Coordination is all about how fast your mind and body can communicate.
Balance drills and most speed, agility and quickness drills work on neuromuscular control, which means they work on your mind’s ability to communicate quickly and efficiently with the body to produce a specific movement.
Besides being a great workout, these drills will help you master form in other workout moves and help you realize your true strength. These more efficient movement patterns will lead to fewer injuries AND you will probably see strength increases in your lifts because you are recruiting the right muscles in the right order quickly!
Ok so what drills should you add to your workout to improve your mind-body connection?
Balance drills are a great place to start.
Have you ever tried balancing on one foot? Maybe one foot up on your toe (it’s actually very difficult and you may want to start on both toes)? Maybe one foot on a foam pad?

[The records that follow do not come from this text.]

(* Let $\varepsilon\ge0$ and $m,M\in(0,1)$ with $m\le M$. Define $L_1,L_2\colon[0,1]\to\mathbb{R}^+$ by \[ L_1(p)=\big(e^{\varepsilon}-(e^{\varepsilon}-1)(pM+(1-p)m)\big)\exp\Big(p\tfrac{M}{m}+(1-p)\tfrac{1-m}{1-(pM+(1-p)m)}-1\Big), \] \[ L_2(p)=\Big(e^{\varepsilon}-(e^{\varepsilon}-1)\Big(pM+(1-p)\tfrac{(M+m)-pM}{2-p}\Big)\Big)\exp\Big(p\tfrac{M}{m}+(1-p)\tfrac{1-\frac{(M+m)-pM}{2-p}}{1-M}-1\Big), \] and $l_1=\ln\circ L_1$, $l_2=\ln\circ L_2$. Then: (i) If $\varepsilon\ne0$ and $m\ne M$, $L_1$ and $l_1$ attain their maximum over $[0,1]$ at $p_1=\min\{1,\max\{V_1,0\}\}$, where \[ V_1=\begin{cases}-\frac{1}{3a_1}\Big(b_1+\sqrt[3]{\tfrac{D_{1,1}+\sqrt{D_{1,1}^2-4D_{1,0}^3}}{2}}+\sqrt[3]{\tfrac{D_{1,1}-\sqrt{D_{1,1}^2-4D_{1,0}^3}}{2}}\Big)&\text{if }D_{1,1}^2-4D_{1,0}^3>0,\\[2mm] -\frac{1}{3a_1}\Big(b_1+2\sqrt{D_{1,0}}\cos\big(\tfrac13\arccos\big(\tfrac{D_{1,1}}{2R_1}\big)\big)\Big)&\text{if }D_{1,1}^2-4D_{1,0}^3\le0,\end{cases} \] with $a_1=(e^{\varepsilon}-1)\frac{M}{m}(M-m)^2$, $b_1=-\frac{M-m}{m}\big((m^2-4Mm+2M)(e^{\varepsilon}-1)+e^{\varepsilon}M\big)$, $c_1=\frac{1-m}{m}\big((e^{\varepsilon}-1)(2m^2-4Mm-m)+(3e^{\varepsilon}-1)M\big)$, $d_1=-(1-m)\big((e^{\varepsilon}-1)(m-2)+\frac{e^{\varepsilon}}{m}\big)$, $D_{1,0}=b_1^2-3a_1c_1$, $D_{1,1}=2b_1^3-9a_1b_1c_1+27a_1^2d_1$, $R_1=\sqrt{D_{1,0}^3}$; and $L_2$ and $l_2$ attain their maximum over $[0,1]$ at $p_2=\min\{1,\max\{V_2,0\}\}$, where \[ V_2=-\frac{1}{3a_2}\Big(b_2+2\sqrt{D_{2,0}}\cos\Big(\tfrac13\arccos\Big(\tfrac{D_{2,1}}{2R_2}\Big)\Big)\Big) \] with $a_2=\frac{e^{\varepsilon}-(e^{\varepsilon}-1)m}{m}$, $b_2=-\frac{6e^{\varepsilon}-(e^{\varepsilon}-1)(M+5m)}{m}$, $c_2=\frac{1}{(1-M)m}\big(m((e^{\varepsilon}-1)(m+9M-9)-e^{\varepsilon})+4M((e^{\varepsilon}-1)M-4e^{\varepsilon}+1)+12e^{\varepsilon}\big)$, $d_2=-(2e^{\varepsilon}-(e^{\varepsilon}-1)(M+m))\frac{4-4M-m}{(1-M)m}+2(e^{\varepsilon}-1)$, $D_{2,0}=b_2^2-3a_2c_2$, $D_{2,1}=2b_2^3-9a_2b_2c_2+27a_2^2d_2$, $R_2=\sqrt{D_{2,0}^3}$. (ii) If $\varepsilon=0$ and $m\ne M$, $L_1$ and $l_1$ attain their maximum over $[0,1]$ at $p_1=\min\{1,\max\{V_1,0\}\}$ with $V_1=\frac{1-m}{M-m}-\frac{\sqrt{Mm(1-m)(1-M)}}{M(M-m)}$, and $L_2$ and $l_2$ attain their maximum over $[0,1]$ at $p_2=\min\{1,\max\{V_2,0\}\}$ with $V_2=2-\frac{\sqrt{m(1-M)}}{1-M}$. (iii) If $m=M$, $L_1$ and $L_2$ are constantly equal to $e^{\varepsilon}-(e^{\varepsilon}-1)m$.
   Context: Cube roots $\sqrt[3]{\cdot}$ of real numbers denote the real cube root. *)

From Stdlib Require Import Reals.
Open Scope R_scope.
(* Let $\mathcal{R},\mathcal{R}'$ be finite sets with $|\mathcal{R}|=|\mathcal{R}'|$, let $\mathcal{A}$ be a finite set of attributes, for each $a\in\mathcal{A}$ let $\mathcal{V}_a=\mathcal{V}'_a$ be a finite set and $A_a$ a transition probability matrix on $\mathcal{V}_a$ with positive entries, and let $\mathcal{V}=\mathcal{V}'=\prod_{a\in\mathcal{A}}\mathcal{V}_a$. Then the PRAM mechanism with per-attribute transition matrices $A_a$ is a $Pk$-anonymization for $$k=1+(|\mathcal{R}|-1)\prod_{a\in\mathcal{A}}\mathrm{AR}_a,\qquad \mathrm{AR}_a=\min_{u,v\in\mathcal{V}_a,\ u',v'\in\mathcal{V}'_a}\frac{(A_a)_{u,v'}(A_a)_{v,u'}}{(A_a)_{u,u'}(A_a)_{v,v'}}.$$
   Context: A table on $(\mathcal{R},\mathcal{V})$ is a map $\mathcal{R}\to\mathcal{V}$; $\mathcal{T}$, $\mathcal{T}'$ denote the sets of tables on $(\mathcal{R},\mathcal{V})$ and $(\mathcal{R}',\mathcal{V}')$. For sets $X,Y$, $X\to Y$ is the set of maps $X\to Y$. A privacy mechanism is $(\mathcal{R},\mathcal{V},\mathcal{R}',\mathcal{V}',\Pi,\Delta)$ with $\Pi$ uniformly distributed over bijections $\mathcal{R}\to\mathcal{R}'$ and $\Delta$ a random variable in $\mathcal{T}\to(\mathcal{R}\to\mathcal{V}')$; it is a privacy mechanism from $T$ to $T'$ if $T,\Pi,\Delta$ are mutually independent and $\Delta(T)=T'\circ\Pi$. A transition probability matrix has nonnegative entries and rows summing to 1. The PRAM mechanism with per-attribute matrices $A_a$: for every $\tau\in\mathcal{T}$, the values $(\Delta(\tau))(r)$, $r\in\mathcal{R}$, are independent and $\Pr[(\Delta(\tau))(r)=v']=\prod_{a\in\mathcal{A}}(A_a)_{\tau(r)_a,v'_a}$, where $w_a$ denotes the $a$-component of $w\in\prod_a\mathcal{V}_a$. $(\Delta,\tau')$ is $Pk$-anonymous if for all random variables $T,T'$ such that $\Delta$ is a privacy mechanism from $T$ to $T'$ and all $r\in\mathcal{R},r'\in\mathcal{R}'$, $\Pr[\Pi(r)=r'\mid T'=\tau']\le1/k$; $\Delta$ is a $Pk$-anonymization if $(\Delta,\tau')$ is $Pk$-anonymous for every $\tau'\in\mathcal{T}'$ for which some $\tau\in\mathcal{T}$ has $\Pr[\Delta(\tau)=\tau'\circ\Pi]\ne0$. *)

From HB Require Import structures.
From mathcomp Require Import all_boot all_order all_algebra.
From mathcomp Require Import all_classical all_reals.
From mathcomp Require Import measure probability.
Set Implicit Arguments. Unset Strict Implicit. Unset Printing Implicit Defensive.
Import Order.TTheory GRing.Theory Num.Theory.
Local Open Scope classical_set_scope.
Local Open Scope ring_scope.

Section PRAM.
Context {R : realType} {d : measure_display} {Omega : measurableType d}.
Variable P : probability Omega R.

Definition Pr (E : set Omega) : R := fine (P E).

(** conditional probability Pr[E | F] := Pr[E /\ F] / Pr[F]
    (equals 0 when Pr[F] = 0, by MathComp's convention x / 0 = 0) *)
Definition cPr (E F : set Omega) : R := Pr (E `&` F) / Pr F.

Definition is_rv (X : finType) (Y : Omega -> X) : Prop :=
  forall x, measurable [set w | Y w = x].

Definition indep3 (X Y Z : finType) (F : Omega -> X) (G : Omega -> Y)
    (H : Omega -> Z) : Prop :=
  forall x y z,
    Pr [set w | F w = x /\ G w = y /\ H w = z] =
    Pr [set w | F w = x] * Pr [set w | G w = y] * Pr [set w | H w = z].

Definition indep_family (I X : finType) (F : I -> Omega -> X) : Prop :=
  forall x : {ffun I -> X},
    Pr [set w | forall i, F i w = x i] = \prod_(i : I) Pr [set w | F i w = x i].

End PRAM.

Definition is_bij (X Y : finType) (f : {ffun X -> Y}) : bool :=
  injectiveb f && [forall y, exists x, f x == y].

Definition transition {R : realType} (V : finType) (M : V -> V -> R) : Prop :=
  (forall u v, 0 <= M u v) /\ (forall u, \sum_(v : V) M u v = 1).

Notation value Va := {dffun forall a, Va a}.
Notation table Rr V := {ffun Rr -> V}.

Section Mech.
Context {R : realType} {d : measure_display} {Omega : measurableType d}.
Variable P : probability Omega R.
Variables (Rr V Rr' V' : finType).
Variable Pi : Omega -> {ffun Rr -> Rr'}.
Variable Delta : Omega -> {ffun table Rr V -> {ffun Rr -> V'}}.

Definition privacy_mechanism : Prop :=
  is_rv Pi /\ is_rv Delta /\
  forall pi : {ffun Rr -> Rr'},
    Pr P [set w | Pi w = pi] =
      if is_bij pi then (#|[pred f : {ffun Rr -> Rr'} | is_bij f]|%:R)^-1 else 0.

Definition compPi (tau' : table Rr' V') (w : Omega) : {ffun Rr -> V'} :=
  [ffun r => tau' (Pi w r)].

Definition mechanism_from (T : Omega -> table Rr V) (T' : Omega -> table Rr' V') : Prop :=
  indep3 P T Pi Delta /\ forall w, Delta w (T w) = compPi (T' w) w.

Definition Pk_anonymous (k : R) (tau' : table Rr' V') : Prop :=
  forall (T : Omega -> table Rr V) (T' : Omega -> table Rr' V'),
    is_rv T -> is_rv T' -> mechanism_from T T' ->
    forall (r : Rr) (r' : Rr'),
      cPr P [set w | Pi w r = r'] [set w | T' w = tau'] <= k^-1.

Definition Pk_anonymization (k : R) : Prop :=
  forall tau' : table Rr' V',
    (exists tau : table Rr V,
        Pr P [set w | Delta w tau = compPi tau' w] != 0) ->
    Pk_anonymous k tau'.
End Mech.

Definition is_PRAM {R : realType} {d : measure_display} {Omega : measurableType d}
    (P : probability Omega R) (Rr Att : finType) (Va : Att -> finType)
    (A : forall a : Att, Va a -> Va a -> R)
    (Delta : Omega -> {ffun table Rr (value Va) -> {ffun Rr -> value Va}}) : Prop :=
  forall tau : table Rr (value Va),
    indep_family P (fun r w => Delta w tau r) /\
    forall (r : Rr) (v' : value Va),
      Pr P [set w | Delta w tau r = v'] = \prod_(a : Att) A a (tau r a) (v' a).

(** Taken as a big min with neutral element 1; since the term u = v, u' = v'
    equals 1 (for positive entries), this is the true minimum whenever Va a is
    nonempty. *)
Definition AR {R : realType} (V : finType) (M : V -> V -> R) : R :=
  \big[Order.min/1]_(u : V) \big[Order.min/1]_(v : V)
   \big[Order.min/1]_(u' : V) \big[Order.min/1]_(v' : V)
     (M u v' * M v u' / (M u u' * M v v')).

Definition PRAM_k {R : realType} (Rr Att : finType) (Va : Att -> finType)
    (A : forall a : Att, Va a -> Va a -> R) : R :=
  1 + (#|Rr|%:R - 1) * \prod_(a : Att) AR (A a).

From mathcomp Require Import all_boot all_order all_algebra perm.
From mathcomp Require Import all_classical all_reals.
From mathcomp Require Import measure probability.
From mathcomp Require Import ring.
Import Order.TTheory GRing.Theory Num.Theory.
Local Open Scope ring_scope.

(* By Bayes' rule, Pr[Pi r = r' | T' = tau'] is a ratio of two sums over the
   original table tau and the bijection f of Pr[T = tau] times the PRAM
   likelihood of releasing tau' o f from tau, the numerator being restricted
   to f r = r'.  Composing such an f with a transposition (r s), s <> r, gives
   a bijection with f r <> r', injectively in (f, s); only the rows r and s of
   the likelihood change, and their odds ratio is at least prod_a AR_a.  So
   the denominator is at least k times the numerator. *)

Section FiniteRandomVariables.
Local Open Scope classical_set_scope.
Context {R : realType} {d : measure_display} {Omega : measurableType d}.
Variable P : probability Omega R.

Lemma Pr_ge0 (E : set Omega) : 0 <= Pr P E.
Proof. exact/fine_ge0/measure_ge0. Qed.

Lemma PrU (E F : set Omega) : measurable E -> measurable F -> E `&` F = set0 ->
  Pr P (E `|` F) = Pr P E + Pr P F.
Proof. by move=> mE mF EF; rewrite /Pr measureU // fineD // fin_num_measure. Qed.

Lemma Pr_eq_off_null (N E F : set Omega) :
  measurable N -> measurable E -> measurable F -> Pr P N = 0 ->
  (forall w, ~ N w -> E w <-> F w) -> Pr P E = Pr P F.
Proof.
move=> mN mE mF PN0 EF.
have PN : P N = 0%E.
  by apply/eqP; rewrite -fine_eq0 ?fin_num_measure // -/(Pr P N) PN0.
have PrD G : measurable G -> Pr P G = Pr P (G `\` N).
  move=> mG; rewrite /Pr (measureDI P mG mN).
  rewrite [X in (_ + X)%E](_ : _ = 0%E) ?adde0 //.
  by apply/eqP; rewrite eq_le measure_ge0 andbT -PN measureIr.
rewrite (PrD E) // (PrD F) //; congr Pr.
by apply/seteqP; split=> w [Gw Nw]; split=> //; apply/(EF _ Nw).
Qed.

Balance work will help you start improving that mind-body connection and it will strengthen your feet and ankles.
You can then move onto some plyometric training.
Most people define plyometric training as jump training, but that isn’t correct. Plyometric training is training that improves your ability to move quickly between an eccentric and concentric contraction – it improves your body’s ability to decelerate and then accelerate then decelerate quickly without much pause.
Jumping can be a great way to train this. Think about the squat jump. Start by loading or squatting down a bit. Then jump up and squat back down to jump up again. A beginner should pause after each jump before jumping again. Someone more advanced will try not to pause between jumps because their body can quickly decelerate and accelerate. The goal of this training is to go as fast as possible while maintaining control.
A HUGE part though of jump training is the landing. You should land softly….like a ninja. This requires that you bend your knees and don’t land flat-footed. It may mean squatting down enough that you swing your arms as if you are grabbing gravel off the ground. The landing is key…it is when most people get hurt. So if you are new to jump training, you may want to even start by jump UP to a very very low box. As you master this, go a bit higher or even work on the jumping OFF of the box part.
Using the ladder or cones can be another great way to improve your neuromuscular control. Shuffle quickly around cones. You can do this in a straight line or in a circle. You can sprint then shuffle then back pedal then sprint. You can mix it up. The key is quick movements and quick changes in direction.
The ladder is one of my favorite tools because it is super easy to see improvement in. You can do running forward with one foot in each box or make it harder by doing both feet in each box. You can do ins and outs or the Ali shuffle. Or one of my favorites the “icky shuffle.” The goal is to do any of these movements perfectly as quickly as possible. Start as slow as you need just do it PERFECTLY. Add speed as you learn the move and perfect it. Remember it isn’t about just going quickly. It is about doing it PERFECTLY.
Anyway, here is a little SAQ portion to do before you do your strength training.
3-5 rounds: Rest between each round. Move quickly through all three exercises.
5 Squat Jumps (or up to a box or barely off the ground depending on level)
Icky Shuffle down ladder
4 Soccer Throws each side (So overhead throw against a wall stepping forward with the same foot for 4 before switching)
All these should be done as QUICKLY as possible with good form. Try to increase your speed each time you do everything with great form.
Remember this doesn’t have to kill you. It can actually just be the end of your workout after you’ve rolled out and gotten the muscles a bit warm.
Try it. Watch how much your coordination will improve after a few weeks of just a few drills before your workout!